__Goal of the exercise__. Gather every line from the entries below that includes "autfun".

Saved entries
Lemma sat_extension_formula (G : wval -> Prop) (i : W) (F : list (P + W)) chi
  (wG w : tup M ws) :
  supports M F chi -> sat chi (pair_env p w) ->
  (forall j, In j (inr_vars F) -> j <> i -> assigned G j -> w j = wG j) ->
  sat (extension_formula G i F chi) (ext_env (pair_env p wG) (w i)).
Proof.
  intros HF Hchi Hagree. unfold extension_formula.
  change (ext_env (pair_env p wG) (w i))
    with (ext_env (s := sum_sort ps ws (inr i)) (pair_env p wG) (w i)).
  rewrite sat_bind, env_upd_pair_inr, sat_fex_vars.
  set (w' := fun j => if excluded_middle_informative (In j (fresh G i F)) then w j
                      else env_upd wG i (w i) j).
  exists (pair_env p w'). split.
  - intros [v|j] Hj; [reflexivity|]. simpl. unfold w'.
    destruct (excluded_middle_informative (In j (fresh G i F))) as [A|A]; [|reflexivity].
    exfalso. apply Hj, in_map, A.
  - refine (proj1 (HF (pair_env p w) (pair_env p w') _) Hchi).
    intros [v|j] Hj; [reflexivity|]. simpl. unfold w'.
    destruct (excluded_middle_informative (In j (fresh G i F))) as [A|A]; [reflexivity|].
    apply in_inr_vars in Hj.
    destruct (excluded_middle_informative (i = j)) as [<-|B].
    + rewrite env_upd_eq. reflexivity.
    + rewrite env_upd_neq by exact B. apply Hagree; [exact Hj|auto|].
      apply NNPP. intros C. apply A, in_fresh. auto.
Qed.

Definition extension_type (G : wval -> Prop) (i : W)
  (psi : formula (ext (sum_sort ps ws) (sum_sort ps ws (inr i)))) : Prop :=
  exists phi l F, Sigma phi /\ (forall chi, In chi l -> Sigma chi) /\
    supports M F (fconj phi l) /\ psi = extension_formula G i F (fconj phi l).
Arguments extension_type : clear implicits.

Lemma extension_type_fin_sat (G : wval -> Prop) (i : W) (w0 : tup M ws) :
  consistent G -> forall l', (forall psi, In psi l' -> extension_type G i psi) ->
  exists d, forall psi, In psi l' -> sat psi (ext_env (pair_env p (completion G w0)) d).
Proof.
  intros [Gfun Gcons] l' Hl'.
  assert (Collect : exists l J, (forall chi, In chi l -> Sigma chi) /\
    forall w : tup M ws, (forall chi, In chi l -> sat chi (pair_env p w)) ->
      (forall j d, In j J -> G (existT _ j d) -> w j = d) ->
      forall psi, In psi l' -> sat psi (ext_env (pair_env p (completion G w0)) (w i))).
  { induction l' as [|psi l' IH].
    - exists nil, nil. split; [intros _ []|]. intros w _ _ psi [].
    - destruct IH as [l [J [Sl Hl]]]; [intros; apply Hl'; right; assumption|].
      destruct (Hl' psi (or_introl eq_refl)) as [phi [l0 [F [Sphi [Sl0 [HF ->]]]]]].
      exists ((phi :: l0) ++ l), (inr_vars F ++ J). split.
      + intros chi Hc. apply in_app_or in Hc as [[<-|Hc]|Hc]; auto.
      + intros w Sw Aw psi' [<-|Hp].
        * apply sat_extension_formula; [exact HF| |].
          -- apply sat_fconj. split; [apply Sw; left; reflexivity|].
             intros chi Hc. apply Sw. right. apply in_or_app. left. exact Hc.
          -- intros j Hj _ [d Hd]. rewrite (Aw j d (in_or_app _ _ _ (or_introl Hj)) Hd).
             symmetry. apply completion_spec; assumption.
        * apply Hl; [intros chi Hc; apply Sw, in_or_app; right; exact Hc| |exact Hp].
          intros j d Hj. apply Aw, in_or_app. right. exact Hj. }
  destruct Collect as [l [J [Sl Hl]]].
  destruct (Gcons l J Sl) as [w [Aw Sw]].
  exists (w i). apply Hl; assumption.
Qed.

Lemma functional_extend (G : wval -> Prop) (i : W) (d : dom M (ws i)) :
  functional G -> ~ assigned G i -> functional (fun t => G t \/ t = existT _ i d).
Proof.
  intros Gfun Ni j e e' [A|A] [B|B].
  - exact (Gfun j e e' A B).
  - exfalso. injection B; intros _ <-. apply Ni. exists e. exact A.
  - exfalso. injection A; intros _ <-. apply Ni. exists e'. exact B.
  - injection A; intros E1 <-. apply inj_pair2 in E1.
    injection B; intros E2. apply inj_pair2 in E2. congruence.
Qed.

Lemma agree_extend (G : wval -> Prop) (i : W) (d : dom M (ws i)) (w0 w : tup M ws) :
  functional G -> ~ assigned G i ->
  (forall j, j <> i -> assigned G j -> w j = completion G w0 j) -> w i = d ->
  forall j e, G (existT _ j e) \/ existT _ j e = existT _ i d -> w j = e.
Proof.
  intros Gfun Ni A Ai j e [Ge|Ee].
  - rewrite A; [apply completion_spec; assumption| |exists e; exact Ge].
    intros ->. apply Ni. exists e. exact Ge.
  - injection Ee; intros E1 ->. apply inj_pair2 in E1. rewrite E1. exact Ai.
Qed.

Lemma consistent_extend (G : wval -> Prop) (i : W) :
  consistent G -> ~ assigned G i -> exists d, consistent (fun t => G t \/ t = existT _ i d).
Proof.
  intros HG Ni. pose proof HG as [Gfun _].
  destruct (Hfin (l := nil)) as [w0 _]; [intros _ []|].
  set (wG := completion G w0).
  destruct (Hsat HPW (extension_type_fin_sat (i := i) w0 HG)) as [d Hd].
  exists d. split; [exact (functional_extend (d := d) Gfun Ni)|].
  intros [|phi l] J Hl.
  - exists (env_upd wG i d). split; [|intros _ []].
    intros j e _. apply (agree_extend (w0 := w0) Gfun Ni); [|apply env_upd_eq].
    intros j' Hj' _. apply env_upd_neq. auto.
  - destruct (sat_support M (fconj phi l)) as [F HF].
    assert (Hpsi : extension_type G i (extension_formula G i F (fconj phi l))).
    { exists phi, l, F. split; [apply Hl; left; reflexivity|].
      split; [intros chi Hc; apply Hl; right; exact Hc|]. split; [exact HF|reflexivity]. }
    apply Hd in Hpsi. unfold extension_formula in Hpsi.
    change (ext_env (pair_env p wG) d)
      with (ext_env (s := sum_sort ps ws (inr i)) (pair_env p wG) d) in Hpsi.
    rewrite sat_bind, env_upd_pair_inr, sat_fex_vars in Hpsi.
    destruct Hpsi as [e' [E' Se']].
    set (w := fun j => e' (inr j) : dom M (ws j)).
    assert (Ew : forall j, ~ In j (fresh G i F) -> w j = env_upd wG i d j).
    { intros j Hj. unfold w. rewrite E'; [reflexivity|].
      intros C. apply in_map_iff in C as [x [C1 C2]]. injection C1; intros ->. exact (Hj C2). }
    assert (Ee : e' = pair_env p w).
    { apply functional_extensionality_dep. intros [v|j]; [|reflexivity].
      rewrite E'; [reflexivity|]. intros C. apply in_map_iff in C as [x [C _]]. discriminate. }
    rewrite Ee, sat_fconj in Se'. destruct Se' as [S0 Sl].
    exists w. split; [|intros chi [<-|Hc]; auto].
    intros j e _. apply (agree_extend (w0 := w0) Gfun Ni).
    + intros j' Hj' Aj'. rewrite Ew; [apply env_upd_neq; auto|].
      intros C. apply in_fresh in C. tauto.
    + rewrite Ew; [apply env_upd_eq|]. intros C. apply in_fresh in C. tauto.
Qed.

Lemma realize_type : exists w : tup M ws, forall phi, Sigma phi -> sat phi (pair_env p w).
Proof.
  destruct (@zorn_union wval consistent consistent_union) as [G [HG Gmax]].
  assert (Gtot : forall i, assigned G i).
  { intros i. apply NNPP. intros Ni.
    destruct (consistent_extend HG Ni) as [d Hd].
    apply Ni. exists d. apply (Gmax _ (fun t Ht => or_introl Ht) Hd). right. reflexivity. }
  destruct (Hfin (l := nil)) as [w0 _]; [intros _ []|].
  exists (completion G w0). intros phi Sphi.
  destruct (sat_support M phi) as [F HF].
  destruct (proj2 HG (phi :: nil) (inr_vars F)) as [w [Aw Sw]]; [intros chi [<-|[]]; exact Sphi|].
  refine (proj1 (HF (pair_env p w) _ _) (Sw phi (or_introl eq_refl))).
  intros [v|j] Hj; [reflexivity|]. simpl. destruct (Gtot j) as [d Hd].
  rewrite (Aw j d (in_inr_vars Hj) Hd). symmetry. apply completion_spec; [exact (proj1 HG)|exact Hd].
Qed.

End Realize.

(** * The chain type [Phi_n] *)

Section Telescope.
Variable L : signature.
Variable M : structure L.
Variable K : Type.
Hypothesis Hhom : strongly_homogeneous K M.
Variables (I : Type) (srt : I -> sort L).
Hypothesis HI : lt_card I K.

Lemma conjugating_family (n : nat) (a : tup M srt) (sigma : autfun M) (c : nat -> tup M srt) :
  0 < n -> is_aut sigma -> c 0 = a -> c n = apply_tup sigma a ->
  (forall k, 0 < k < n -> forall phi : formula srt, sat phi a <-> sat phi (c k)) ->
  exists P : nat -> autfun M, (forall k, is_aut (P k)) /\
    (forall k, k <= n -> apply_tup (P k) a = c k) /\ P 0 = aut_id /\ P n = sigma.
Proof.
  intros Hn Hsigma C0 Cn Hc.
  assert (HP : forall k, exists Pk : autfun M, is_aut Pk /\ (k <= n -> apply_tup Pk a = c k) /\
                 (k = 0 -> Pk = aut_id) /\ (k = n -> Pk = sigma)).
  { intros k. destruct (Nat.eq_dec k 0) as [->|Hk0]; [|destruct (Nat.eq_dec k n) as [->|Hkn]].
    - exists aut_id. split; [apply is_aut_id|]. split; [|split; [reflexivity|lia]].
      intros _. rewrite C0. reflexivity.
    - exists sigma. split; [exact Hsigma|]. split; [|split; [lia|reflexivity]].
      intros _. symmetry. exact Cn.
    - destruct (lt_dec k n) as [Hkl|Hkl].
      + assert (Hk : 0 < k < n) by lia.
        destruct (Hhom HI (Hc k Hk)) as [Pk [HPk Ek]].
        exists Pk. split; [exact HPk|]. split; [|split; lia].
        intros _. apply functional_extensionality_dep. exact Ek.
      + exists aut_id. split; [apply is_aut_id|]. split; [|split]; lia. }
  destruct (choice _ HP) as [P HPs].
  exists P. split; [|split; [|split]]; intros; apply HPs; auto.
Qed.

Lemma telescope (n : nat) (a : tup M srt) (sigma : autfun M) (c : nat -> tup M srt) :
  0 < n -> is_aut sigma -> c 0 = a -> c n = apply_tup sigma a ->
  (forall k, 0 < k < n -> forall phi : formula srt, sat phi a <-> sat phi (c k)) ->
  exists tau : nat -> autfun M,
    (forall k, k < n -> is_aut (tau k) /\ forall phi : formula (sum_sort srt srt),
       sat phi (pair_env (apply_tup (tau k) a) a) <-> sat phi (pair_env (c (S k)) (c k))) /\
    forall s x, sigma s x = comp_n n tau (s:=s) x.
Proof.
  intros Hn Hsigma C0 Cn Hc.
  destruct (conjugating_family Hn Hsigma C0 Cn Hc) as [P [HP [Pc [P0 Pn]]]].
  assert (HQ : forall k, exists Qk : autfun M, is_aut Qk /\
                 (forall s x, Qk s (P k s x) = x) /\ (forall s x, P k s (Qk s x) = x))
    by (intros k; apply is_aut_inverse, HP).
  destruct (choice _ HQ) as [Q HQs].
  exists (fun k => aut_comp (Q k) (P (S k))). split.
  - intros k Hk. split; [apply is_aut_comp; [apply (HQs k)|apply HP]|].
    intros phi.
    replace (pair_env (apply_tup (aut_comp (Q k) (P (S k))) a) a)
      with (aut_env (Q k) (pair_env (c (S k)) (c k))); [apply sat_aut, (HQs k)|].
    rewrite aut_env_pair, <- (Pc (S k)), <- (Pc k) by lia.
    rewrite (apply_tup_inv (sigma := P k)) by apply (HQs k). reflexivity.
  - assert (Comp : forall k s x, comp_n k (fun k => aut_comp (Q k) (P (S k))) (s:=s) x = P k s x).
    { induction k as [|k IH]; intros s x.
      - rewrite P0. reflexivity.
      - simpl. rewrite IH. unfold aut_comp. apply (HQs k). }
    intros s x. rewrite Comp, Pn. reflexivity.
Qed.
...
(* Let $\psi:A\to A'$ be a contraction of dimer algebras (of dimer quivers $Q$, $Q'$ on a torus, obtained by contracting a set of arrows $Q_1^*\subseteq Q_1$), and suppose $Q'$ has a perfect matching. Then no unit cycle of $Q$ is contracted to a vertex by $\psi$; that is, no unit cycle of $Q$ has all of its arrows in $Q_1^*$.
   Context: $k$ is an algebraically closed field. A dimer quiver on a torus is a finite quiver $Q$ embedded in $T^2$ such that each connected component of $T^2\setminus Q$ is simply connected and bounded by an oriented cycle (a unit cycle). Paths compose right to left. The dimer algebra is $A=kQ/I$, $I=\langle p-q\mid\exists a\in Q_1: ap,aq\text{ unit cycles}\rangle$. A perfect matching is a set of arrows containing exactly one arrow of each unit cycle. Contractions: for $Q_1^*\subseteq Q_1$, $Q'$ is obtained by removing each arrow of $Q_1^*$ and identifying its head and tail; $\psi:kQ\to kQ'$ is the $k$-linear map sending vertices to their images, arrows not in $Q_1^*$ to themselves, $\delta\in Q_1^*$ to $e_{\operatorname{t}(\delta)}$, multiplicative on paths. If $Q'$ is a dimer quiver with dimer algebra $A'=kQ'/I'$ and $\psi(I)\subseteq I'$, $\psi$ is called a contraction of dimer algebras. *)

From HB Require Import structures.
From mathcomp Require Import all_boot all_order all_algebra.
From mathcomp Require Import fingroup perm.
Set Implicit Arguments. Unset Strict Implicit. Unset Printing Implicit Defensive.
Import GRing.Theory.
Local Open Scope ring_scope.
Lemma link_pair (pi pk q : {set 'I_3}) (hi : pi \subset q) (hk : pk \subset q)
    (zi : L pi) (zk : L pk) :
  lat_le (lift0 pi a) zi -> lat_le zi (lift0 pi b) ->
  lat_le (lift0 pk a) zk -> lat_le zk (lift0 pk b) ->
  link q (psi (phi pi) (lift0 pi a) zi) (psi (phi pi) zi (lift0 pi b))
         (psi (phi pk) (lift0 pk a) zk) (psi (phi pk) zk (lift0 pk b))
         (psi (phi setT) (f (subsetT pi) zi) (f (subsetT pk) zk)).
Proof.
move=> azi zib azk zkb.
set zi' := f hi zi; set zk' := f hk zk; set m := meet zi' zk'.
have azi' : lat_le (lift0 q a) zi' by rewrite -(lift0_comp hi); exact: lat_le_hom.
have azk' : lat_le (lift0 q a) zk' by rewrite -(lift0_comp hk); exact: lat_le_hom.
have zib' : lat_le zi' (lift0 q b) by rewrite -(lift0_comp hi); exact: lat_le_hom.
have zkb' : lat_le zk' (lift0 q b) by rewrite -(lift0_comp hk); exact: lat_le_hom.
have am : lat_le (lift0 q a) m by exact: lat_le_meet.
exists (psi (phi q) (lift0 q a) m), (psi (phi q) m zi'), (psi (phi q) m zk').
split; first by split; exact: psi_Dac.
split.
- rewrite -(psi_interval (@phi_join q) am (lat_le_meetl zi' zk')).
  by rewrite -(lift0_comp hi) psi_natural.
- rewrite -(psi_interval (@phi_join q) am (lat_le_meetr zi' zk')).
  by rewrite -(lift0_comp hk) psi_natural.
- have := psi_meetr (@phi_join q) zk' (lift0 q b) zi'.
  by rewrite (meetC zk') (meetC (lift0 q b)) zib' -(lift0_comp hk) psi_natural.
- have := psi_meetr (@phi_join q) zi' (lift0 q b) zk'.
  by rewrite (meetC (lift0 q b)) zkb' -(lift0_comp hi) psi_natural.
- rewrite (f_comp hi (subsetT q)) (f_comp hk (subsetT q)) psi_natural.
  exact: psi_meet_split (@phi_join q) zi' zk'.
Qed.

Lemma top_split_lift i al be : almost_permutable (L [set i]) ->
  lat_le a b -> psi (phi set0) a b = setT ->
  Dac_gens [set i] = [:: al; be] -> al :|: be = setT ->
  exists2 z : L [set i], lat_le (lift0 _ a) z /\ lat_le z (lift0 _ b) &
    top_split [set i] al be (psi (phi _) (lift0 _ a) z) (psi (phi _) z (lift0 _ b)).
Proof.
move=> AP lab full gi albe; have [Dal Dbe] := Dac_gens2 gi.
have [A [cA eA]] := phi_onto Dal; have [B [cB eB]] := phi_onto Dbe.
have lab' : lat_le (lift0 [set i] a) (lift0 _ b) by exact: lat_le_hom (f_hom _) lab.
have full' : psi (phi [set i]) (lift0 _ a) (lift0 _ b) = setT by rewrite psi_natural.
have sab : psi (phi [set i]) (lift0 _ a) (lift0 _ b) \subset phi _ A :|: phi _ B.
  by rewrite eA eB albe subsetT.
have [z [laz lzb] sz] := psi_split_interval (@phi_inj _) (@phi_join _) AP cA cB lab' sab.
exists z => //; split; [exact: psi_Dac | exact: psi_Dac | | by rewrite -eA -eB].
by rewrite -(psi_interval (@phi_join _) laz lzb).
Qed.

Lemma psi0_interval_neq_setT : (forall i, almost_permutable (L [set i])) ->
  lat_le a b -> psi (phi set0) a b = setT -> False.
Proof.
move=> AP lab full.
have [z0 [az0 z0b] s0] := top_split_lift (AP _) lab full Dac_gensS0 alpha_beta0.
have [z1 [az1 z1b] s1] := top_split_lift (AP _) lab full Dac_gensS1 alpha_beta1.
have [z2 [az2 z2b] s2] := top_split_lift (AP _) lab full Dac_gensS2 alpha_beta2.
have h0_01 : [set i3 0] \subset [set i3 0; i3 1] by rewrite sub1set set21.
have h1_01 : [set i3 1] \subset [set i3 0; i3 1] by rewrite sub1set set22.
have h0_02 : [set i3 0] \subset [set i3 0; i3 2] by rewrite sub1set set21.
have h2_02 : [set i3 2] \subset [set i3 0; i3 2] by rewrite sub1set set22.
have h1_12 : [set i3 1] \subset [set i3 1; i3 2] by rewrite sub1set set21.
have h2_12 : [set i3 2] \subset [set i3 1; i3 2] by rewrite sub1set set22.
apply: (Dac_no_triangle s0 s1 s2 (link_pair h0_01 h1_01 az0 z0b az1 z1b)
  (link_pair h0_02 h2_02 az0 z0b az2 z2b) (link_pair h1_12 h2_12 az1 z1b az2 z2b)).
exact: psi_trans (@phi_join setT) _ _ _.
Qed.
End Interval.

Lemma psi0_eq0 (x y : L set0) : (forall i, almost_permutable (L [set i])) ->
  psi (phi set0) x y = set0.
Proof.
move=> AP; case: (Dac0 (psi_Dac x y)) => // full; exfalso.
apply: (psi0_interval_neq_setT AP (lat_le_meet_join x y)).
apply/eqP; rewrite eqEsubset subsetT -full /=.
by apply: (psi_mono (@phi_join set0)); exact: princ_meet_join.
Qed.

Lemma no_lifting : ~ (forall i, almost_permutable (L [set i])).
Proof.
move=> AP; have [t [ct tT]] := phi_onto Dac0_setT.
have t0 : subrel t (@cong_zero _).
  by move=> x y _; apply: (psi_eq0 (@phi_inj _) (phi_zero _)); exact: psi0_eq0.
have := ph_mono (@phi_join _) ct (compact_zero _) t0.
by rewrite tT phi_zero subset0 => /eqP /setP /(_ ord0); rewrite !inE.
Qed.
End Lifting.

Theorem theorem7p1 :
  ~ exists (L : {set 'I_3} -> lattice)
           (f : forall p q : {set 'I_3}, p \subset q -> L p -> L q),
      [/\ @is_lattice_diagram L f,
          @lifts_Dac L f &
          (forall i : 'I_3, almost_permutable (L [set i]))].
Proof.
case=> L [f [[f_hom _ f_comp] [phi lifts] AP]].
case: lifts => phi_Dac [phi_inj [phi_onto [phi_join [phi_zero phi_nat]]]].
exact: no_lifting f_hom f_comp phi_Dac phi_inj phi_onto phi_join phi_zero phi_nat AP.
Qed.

__Solution for this exercise__.
Lemma conjugating_family (n : nat) (a : tup M srt) (sigma : autfun M) (c : nat -> tup M srt) :
  exists P : nat -> autfun M, (forall k, is_aut (P k)) /\
  assert (HP : forall k, exists Pk : autfun M, is_aut Pk /\ (k <= n -> apply_tup Pk a = c k) /\
Lemma telescope (n : nat) (a : tup M srt) (sigma : autfun M) (c : nat -> tup M srt) :
  exists tau : nat -> autfun M,
  assert (HQ : forall k, exists Qk : autfun M, is_aut Qk /\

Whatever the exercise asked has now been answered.